(Dataset entries)
§ §
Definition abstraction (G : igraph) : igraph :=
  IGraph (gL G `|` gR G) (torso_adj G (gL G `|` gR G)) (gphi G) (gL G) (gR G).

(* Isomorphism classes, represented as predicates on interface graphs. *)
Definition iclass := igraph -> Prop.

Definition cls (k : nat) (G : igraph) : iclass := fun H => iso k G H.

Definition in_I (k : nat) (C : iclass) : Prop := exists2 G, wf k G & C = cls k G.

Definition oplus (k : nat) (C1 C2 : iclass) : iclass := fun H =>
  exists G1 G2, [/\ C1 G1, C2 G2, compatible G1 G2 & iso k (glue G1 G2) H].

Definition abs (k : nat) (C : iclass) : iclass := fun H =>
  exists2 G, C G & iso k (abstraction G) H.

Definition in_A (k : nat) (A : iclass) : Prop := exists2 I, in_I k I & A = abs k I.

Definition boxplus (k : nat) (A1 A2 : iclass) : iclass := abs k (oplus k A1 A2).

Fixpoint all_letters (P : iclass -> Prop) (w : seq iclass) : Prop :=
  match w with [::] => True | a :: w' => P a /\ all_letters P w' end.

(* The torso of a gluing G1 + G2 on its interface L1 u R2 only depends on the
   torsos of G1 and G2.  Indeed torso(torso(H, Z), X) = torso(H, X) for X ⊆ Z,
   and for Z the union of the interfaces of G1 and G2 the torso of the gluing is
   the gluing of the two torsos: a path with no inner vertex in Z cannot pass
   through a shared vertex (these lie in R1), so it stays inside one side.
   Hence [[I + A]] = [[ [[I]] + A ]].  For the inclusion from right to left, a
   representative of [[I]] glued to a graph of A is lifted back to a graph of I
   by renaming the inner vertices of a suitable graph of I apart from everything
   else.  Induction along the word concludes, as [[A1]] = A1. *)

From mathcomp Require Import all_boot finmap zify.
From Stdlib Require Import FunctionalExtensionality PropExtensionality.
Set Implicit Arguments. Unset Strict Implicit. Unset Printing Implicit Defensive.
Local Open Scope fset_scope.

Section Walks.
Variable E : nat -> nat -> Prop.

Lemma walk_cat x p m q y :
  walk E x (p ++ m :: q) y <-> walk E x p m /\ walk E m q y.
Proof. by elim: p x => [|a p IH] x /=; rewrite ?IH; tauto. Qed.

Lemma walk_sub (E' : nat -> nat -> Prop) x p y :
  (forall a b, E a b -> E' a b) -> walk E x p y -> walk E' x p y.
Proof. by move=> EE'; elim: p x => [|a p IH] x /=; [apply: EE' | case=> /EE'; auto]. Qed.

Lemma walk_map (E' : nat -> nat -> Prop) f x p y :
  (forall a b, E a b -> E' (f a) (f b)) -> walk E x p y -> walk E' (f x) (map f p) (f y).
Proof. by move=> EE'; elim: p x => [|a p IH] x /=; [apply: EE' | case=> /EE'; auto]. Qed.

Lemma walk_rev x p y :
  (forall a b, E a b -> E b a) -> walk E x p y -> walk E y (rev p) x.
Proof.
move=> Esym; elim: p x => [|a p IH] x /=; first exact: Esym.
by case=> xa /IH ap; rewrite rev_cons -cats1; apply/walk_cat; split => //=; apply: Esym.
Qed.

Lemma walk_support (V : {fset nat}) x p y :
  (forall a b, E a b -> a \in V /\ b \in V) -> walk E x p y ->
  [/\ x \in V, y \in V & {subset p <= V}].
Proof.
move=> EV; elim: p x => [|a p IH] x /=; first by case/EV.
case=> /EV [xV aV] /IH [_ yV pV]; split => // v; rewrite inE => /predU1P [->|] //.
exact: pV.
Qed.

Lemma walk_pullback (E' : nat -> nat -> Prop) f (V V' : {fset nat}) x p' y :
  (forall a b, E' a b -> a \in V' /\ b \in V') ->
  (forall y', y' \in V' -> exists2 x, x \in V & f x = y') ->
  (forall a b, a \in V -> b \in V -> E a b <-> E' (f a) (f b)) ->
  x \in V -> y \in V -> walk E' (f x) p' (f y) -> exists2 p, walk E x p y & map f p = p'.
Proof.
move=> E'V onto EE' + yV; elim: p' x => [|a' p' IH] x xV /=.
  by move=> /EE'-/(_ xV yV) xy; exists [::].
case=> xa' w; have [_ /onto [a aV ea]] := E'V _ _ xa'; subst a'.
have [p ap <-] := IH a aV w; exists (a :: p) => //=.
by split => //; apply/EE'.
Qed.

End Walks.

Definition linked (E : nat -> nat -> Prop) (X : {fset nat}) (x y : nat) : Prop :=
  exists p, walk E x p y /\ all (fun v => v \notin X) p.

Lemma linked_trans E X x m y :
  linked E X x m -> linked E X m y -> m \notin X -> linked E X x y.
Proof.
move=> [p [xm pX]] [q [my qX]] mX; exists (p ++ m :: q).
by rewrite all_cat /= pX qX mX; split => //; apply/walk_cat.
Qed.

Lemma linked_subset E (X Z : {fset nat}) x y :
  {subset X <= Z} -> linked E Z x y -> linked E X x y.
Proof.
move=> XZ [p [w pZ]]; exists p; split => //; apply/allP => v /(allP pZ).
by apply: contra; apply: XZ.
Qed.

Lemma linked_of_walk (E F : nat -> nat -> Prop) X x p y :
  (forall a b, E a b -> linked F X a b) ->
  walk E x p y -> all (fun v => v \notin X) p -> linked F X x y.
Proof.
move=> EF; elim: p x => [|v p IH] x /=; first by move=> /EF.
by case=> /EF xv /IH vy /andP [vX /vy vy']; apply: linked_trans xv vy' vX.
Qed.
§ §
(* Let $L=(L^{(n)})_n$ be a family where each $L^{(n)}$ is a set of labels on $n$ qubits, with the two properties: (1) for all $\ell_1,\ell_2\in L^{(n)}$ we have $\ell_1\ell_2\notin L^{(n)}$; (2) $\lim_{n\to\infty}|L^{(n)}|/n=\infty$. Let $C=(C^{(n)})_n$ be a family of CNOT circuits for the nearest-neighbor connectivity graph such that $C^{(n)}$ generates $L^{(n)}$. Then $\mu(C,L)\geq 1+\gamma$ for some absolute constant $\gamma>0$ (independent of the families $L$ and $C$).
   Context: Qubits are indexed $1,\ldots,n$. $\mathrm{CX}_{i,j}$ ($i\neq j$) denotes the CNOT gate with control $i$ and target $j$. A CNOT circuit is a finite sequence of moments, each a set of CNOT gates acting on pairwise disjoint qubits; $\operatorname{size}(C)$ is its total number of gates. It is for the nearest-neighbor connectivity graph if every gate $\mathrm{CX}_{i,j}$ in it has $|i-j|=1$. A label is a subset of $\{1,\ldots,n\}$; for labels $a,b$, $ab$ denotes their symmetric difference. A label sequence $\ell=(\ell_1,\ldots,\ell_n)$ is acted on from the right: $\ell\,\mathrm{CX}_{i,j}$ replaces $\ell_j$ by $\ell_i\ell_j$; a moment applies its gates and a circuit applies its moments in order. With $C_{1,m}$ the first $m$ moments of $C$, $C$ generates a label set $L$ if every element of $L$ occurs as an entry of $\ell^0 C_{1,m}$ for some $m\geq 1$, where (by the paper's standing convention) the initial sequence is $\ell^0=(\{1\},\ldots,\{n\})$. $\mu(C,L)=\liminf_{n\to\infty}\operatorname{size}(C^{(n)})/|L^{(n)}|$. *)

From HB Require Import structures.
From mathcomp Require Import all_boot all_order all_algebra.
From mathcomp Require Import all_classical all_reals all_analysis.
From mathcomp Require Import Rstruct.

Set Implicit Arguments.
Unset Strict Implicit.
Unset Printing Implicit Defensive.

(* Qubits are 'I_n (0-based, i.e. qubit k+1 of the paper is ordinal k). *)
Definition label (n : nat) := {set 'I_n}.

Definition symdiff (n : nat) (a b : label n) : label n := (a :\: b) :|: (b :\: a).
§ §
Task requirements:
Only lines containing the string "where" are needed. Pull each of them out of the records above.

Result below:
(* Let $L=(L^{(n)})_n$ be a family where each $L^{(n)}$ is a set of labels on $n$ qubits, with the two properties: (1) for all $\ell_1,\ell_2\in L^{(n)}$ we have $\ell_1\ell_2\notin L^{(n)}$; (2) $\lim_{n\to\infty}|L^{(n)}|/n=\infty$. Let $C=(C^{(n)})_n$ be a family of CNOT circuits for the nearest-neighbor connectivity graph such that $C^{(n)}$ generates $L^{(n)}$. Then $\mu(C,L)\geq 1+\gamma$ for some absolute constant $\gamma>0$ (independent of the families $L$ and $C$).
   Context: Qubits are indexed $1,\ldots,n$. $\mathrm{CX}_{i,j}$ ($i\neq j$) denotes the CNOT gate with control $i$ and target $j$. A CNOT circuit is a finite sequence of moments, each a set of CNOT gates acting on pairwise disjoint qubits; $\operatorname{size}(C)$ is its total number of gates. It is for the nearest-neighbor connectivity graph if every gate $\mathrm{CX}_{i,j}$ in it has $|i-j|=1$. A label is a subset of $\{1,\ldots,n\}$; for labels $a,b$, $ab$ denotes their symmetric difference. A label sequence $\ell=(\ell_1,\ldots,\ell_n)$ is acted on from the right: $\ell\,\mathrm{CX}_{i,j}$ replaces $\ell_j$ by $\ell_i\ell_j$; a moment applies its gates and a circuit applies its moments in order. With $C_{1,m}$ the first $m$ moments of $C$, $C$ generates a label set $L$ if every element of $L$ occurs as an entry of $\ell^0 C_{1,m}$ for some $m\geq 1$, where (by the paper's standing convention) the initial sequence is $\ell^0=(\{1\},\ldots,\{n\})$. $\mu(C,L)=\liminf_{n\to\infty}\operatorname{size}(C^{(n)})/|L^{(n)}|$. *)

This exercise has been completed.